Obviously, watching and researching college basketball is an important part of the draft process, but only a fraction of the total picture. If being the best college player equaled being a top pick, Josh Hart and Frank Mason would be two of the first names announced by Adam Silver.
The draft, however, features so many other wrinkles and qualifiers. How old are you? Who have you played? What role did you play? Does your game make sense in today’s league? Do you fit with a certain team’s style and roster? I can try to answer these questions and they only serve as the tip of the iceberg. Even the teams drafting players don’t truly know about work ethic, basketball IQ, and the baggage that goes with giving teenagers millions of dollars.
It’s an inexact science. The tiniest details or the most deep rooted basketball philosophies can have two intelligent basketball minds completely disagree about a prospect.

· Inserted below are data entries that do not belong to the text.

(* In G' every source (true, u) is a pendant vertex hanging from (false, u) by a
   rung of weight sigma_u W / C, so W' = W (C + 2) / C and pi'(S') = 1 / (C + 2).
   A unit flow from rho' to M' must push exactly rho_u down the rung at u and is
   otherwise a unit flow from rho to M in G, so
   R'_{rho',M'} = R_{rho,M} + (C / W) sum_u rho_u^2 / sigma_u, which gives C'.
   By Cauchy-Schwarz the rung energy of any distribution on S is at least C / W;
   hence C'_{S',M'} pi'(S') = W R'_{S',M'} / C lies between 1 and
   C_{rho,M} / C + 1 / p, and the final bound is elementary. *)

From Pilot Require Import Defs.
From HB Require Import structures.
From Stdlib Require Import Reals ClassicalEpsilon Relation_Operators Lra.
From Stdlib Require Import FunctionalExtensionality.
From mathcomp Require Import all_boot.

Set Implicit Arguments.
Unset Strict Implicit.
Unset Printing Implicit Defensive.

Local Open Scope R_scope.

Section RealSums.
Variables (I : Type) (r : seq I) (P : pred I).
Implicit Types F G : I -> R.

Lemma big_Rmult_l c F :
  \big[Rplus/R0]_(i <- r | P i) (c * F i) = c * \big[Rplus/R0]_(i <- r | P i) F i.
Proof. by apply: (big_rec2 (fun a b => a = c * b)) => [|i a b _ ->]; ring. Qed.

Lemma big_Rplus F G :
  \big[Rplus/R0]_(i <- r | P i) (F i + G i)
  = \big[Rplus/R0]_(i <- r | P i) F i + \big[Rplus/R0]_(i <- r | P i) G i.
Proof. exact: big_split. Qed.

Lemma big_Ropp F :
  \big[Rplus/R0]_(i <- r | P i) (- F i) = - \big[Rplus/R0]_(i <- r | P i) F i.
Proof. by apply: (big_rec2 (fun a b => a = - b)) => [|i a b _ ->]; ring. Qed.

Lemma big_Rminus F G :
  \big[Rplus/R0]_(i <- r | P i) (F i - G i)
  = \big[Rplus/R0]_(i <- r | P i) F i - \big[Rplus/R0]_(i <- r | P i) G i.
Proof. by rewrite big_Rplus big_Ropp. Qed.

Lemma big_Rle F G : (forall i, P i -> F i <= G i) ->
  \big[Rplus/R0]_(i <- r | P i) F i <= \big[Rplus/R0]_(i <- r | P i) G i.
Proof.
move=> FG; apply: (big_rec2 (fun a b => a <= b)) => [|i a b Pi ab]; first lra.
by have := FG i Pi; lra.
Qed.

Lemma big_Rge0 F : (forall i, P i -> 0 <= F i) -> 0 <= \big[Rplus/R0]_(i <- r | P i) F i.
Proof.
move=> F0; apply: (big_rec (fun a => 0 <= a)) => [|i a Pi a0]; first lra.
by have := F0 i Pi; lra.
Qed.

End RealSums.

Section FinRealSums.
Variable T : finType.
Implicit Types F : T -> R.

Lemma rsum_ge_term F j : (forall i, 0 <= F i) -> F j <= \rsum_(i : T) F i.
Proof.
move=> F0; rewrite (bigD1 j) //=.
match goal with |- _ <= _ + ?s => suff : 0 <= s by lra end.
by apply: big_Rge0 => i _; apply: F0.
Qed.

Lemma rsum_only F y : (forall v, v != y -> F v = 0) -> \rsum_(v : T) F v = F y.
Proof. by move=> F0; rewrite (bigD1 y) //= big1 ?Rplus_0_r // => v /F0. Qed.

End FinRealSums.

Lemma rsum_layers (X : finType) (F : bool * X -> R) :
  \rsum_(a : bool * X) F a = \rsum_(u : X) F (true, u) + \rsum_(u : X) F (false, u).
Proof.
have -> : \rsum_(a : bool * X) F a = \rsum_(b : bool) \rsum_(u : X) F (b, u).
  by rewrite pair_big; apply: eq_bigr => -[].
exact: big_bool.
Qed.

Section Infimum.
Implicit Types (P Q : R -> Prop).

Lemma is_glb_unique P m1 m2 : is_glb P m1 -> is_glb P m2 -> m1 = m2.
Proof. by move=> [lb1 gr1] [lb2 gr2]; apply: Rle_antisym; [apply: gr2|apply: gr1]. Qed.

Lemma Rinf_eq P m : is_glb P m -> Rinf P = m.
Proof. by move=> Pm; apply: (is_glb_unique _ Pm); apply: epsilon_spec; exists m. Qed.

(* Completeness of R, applied to the reflected set [-P]. *)
Lemma Rinf_glb P L : (exists x, P x) -> (forall x, P x -> L <= x) -> is_glb P (Rinf P).
Proof.
move=> [x Px] lbL.
have ub : bound (fun y => P (- y)).
  by exists (- L) => y /lbL; lra.
have ne : exists y, P (- y) by exists (- x); rewrite Ropp_involutive.
have [m [ub_m lub_m]] := completeness _ ub ne.
suff glb_m : is_glb P (- m) by rewrite (Rinf_eq glb_m).
split=> [z Pz | b lb_b].
- have : - z <= m by apply: ub_m; rewrite Ropp_involutive.
  lra.
- have : m <= - b by apply: lub_m => y /lb_b; lra.
  lra.
Qed.

Lemma Rinf_shift P Q L k : (exists x, P x) -> (forall x, P x -> L <= x) ->
  (forall e, Q e <-> P (e - k)) -> Rinf Q = Rinf P + k.
Proof.
move=> Pne lbL QP; have [lbP grP] := Rinf_glb Pne lbL.
apply: Rinf_eq; split=> [e /QP /lbP | b lb_b]; first lra.
suff : b - k <= Rinf P by lra.
apply: grP => x Px; have : Q (x + k) by apply/QP; rewrite (_ : x + k - k = x) //; ring.
by move/lb_b; lra.
Qed.

End Infimum.

(* For [a <= 0], including Rocq's junk value [C / 0 = 0], the right-hand side is
   nonpositive. *)
Lemma half_min_le_inv C p a x : 0 < C -> 0 < p -> 0 < x -> x <= a / C + 1 / p ->
  1 / x >= 1 / 2 * Rmin p (C / a).
Proof.
move=> C0 p0 x0 xle.
have ix : 1 / x * x = 1 by field; lra.
have ix0 : 0 < 1 / x by apply: Rdiv_lt_0_compat; lra.
set m := Rmin p (C / a).
have [m0 | m_le0] := Rlt_or_le 0 m; last lra.
have a0 : 0 < a.
  have Ca0 : 0 < C / a by apply: (Rlt_le_trans _ m); [| apply: Rmin_r].
  have [a0 | [a0 | a0]] := Rtotal_order 0 a => //.
  - by rewrite -a0 Rdiv_0_r in Ca0; lra.
  - have : C / a < 0 by apply: Rdiv_pos_neg.
    lra.
have ma : m * (a / C) <= C / a * (a / C).
  by apply: Rmult_le_compat_r; [apply: Rlt_le; apply: Rdiv_lt_0_compat | apply: Rmin_r].
have mp : m * (1 / p) <= p * (1 / p).
  by apply: Rmult_le_compat_r; [apply: Rlt_le; apply: Rdiv_lt_0_compat; lra | apply: Rmin_l].
rewrite (_ : C / a * (a / C) = 1) in ma; last by field; lra.
rewrite (_ : p * (1 / p) = 1) in mp; last by field; lra.
have mx : m * x <= 2 by nra.
nra.
Qed.

Lemma clos_rt_step (T : Type) (e : T -> T -> Prop) x y :
  clos_refl_trans T e x y -> x <> y -> exists a b, e a b.
Proof.
elim=> {x y} [x y exy _ | x xx | x y z _ IHxy _ IHyz xz]; [by exists x, y | by [] |].
by case: (classic (x = y)) => [exy | /IHxy //]; apply: IHyz; rewrite -exy.
Qed.

Section Flows.
Variable T : finType.
Implicit Types (w p : T -> T -> R) (d tau : T -> R) (M : {set T}).

Definition is_flow w p d : Prop :=
  (forall u v, w u v = 0 -> p u v = 0) /\
  (forall u v, p u v = - p v u) /\
  (forall u, \rsum_(v : T) p u v = d u).

Definition kdelta (x z : T) : R := if x == z then 1 else 0.

Lemma is_flow_add w p1 p2 d1 d2 : is_flow w p1 d1 -> is_flow w p2 d2 ->
  is_flow w (fun u v => p1 u v + p2 u v) (fun u => d1 u + d2 u).
Proof.
move=> [s1 [a1 div1]] [s2 [a2 div2]]; split; [|split] => [u v w0 | u v | u].
- by rewrite s1 // s2 //; ring.
- by rewrite a1 a2; ring.
- by rewrite big_Rplus div1 div2.
Qed.

Lemma is_flow_lincomb w (c : T -> R) (f : T -> T -> T -> R) (g : T -> T -> R) :
  (forall x, is_flow w (f x) (g x)) ->
  is_flow w (fun u v => \rsum_(x : T) c x * f x u v) (fun u => \rsum_(x : T) c x * g x u).
Proof.
move=> fl; split; [|split] => [u v w0 | u v | u].
- by apply: big1 => x _; rewrite (proj1 (fl x)) // Rmult_0_r.
- by rewrite -big_Ropp; apply: eq_bigr => x _; rewrite (proj1 (proj2 (fl x))); ring.
- rewrite exchange_big; apply: eq_bigr => x _.
  by rewrite big_Rmult_l (proj2 (proj2 (fl x))).
Qed.

Lemma path_flow w : (forall u v, w u v = w v u) ->
  forall x y, clos_refl_trans T (fun a b => 0 < w a b) x y ->
  exists p, is_flow w p (fun z => kdelta x z - kdelta y z).
Proof.
move=> wC x y; elim=> {x y} [x y wxy | x | x y z _ [p1 fl1] _ [p2 fl2]].
- exists (fun u v => kdelta x u * kdelta y v - kdelta y u * kdelta x v).
  rewrite /kdelta; split; [|split] => [u v w0 | u v | u].
  + have wyx : 0 < w y x by rewrite wC.
    by do 4!case: eqP => [?|_]; subst; lra.
  + by do 4!case: eqP => _; ring.
  + rewrite big_Rminus !big_Rmult_l.
    rewrite (rsum_only (y := y)) ?eqxx => [|v /negbTE]; last by rewrite eq_sym => ->.
    rewrite (rsum_only (y := x)) ?eqxx => [|v /negbTE]; last by rewrite eq_sym => ->.
    ring.
- by exists (fun _ _ => 0); split; [|split] => *; rewrite ?big1 //; lra.
- exists (fun u v => p1 u v + p2 u v).
  have [s [a div]] := is_flow_add fl1 fl2; split; [|split] => // u.
  by rewrite div; ring.
Qed.

(* Superpose the path flows from each [x] to [m0], with weights [d x]. *)
Lemma flow_to_sink w d m0 : (forall u v, w u v = w v u) -> connected w ->
  exists p, is_flow w p (fun z => d z - kdelta m0 z * \rsum_(x : T) d x).
Proof.
move=> wC wconn.
have [f flf] := choice _ (fun x => path_flow wC (wconn x m0)).
exists (fun u v => \rsum_(x : T) d x * f x u v).
have [s [a div]] := is_flow_lincomb d flf; split; [|split] => // z.
rewrite div; under eq_bigr do rewrite Rmult_minus_distr_l.
rewrite big_Rminus -big_Rmult_l; congr (_ - _); last by apply: eq_bigr => x _; ring.
by rewrite (rsum_only (y := z)) /kdelta ?eqxx ?Rmult_1_r // => x /negbTE ->; ring.
Qed.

All we can do is try our best to suss out the strengths and weaknesses of the players available from what we’ve seen in the past. I’ve done my best to hunker down and rank the 40 best prospects that will hear their names called Thursday night. Previously, I’ve ranked them in three groups for Larry Brown Sports: the 10 best guards, 10 best big men, and 6 best swingmen. I’ll reference those rankings throughout this post, but there is a ton more analysis and stats in each of those pieces worth checking out.
Without further ado, let’s start at the top.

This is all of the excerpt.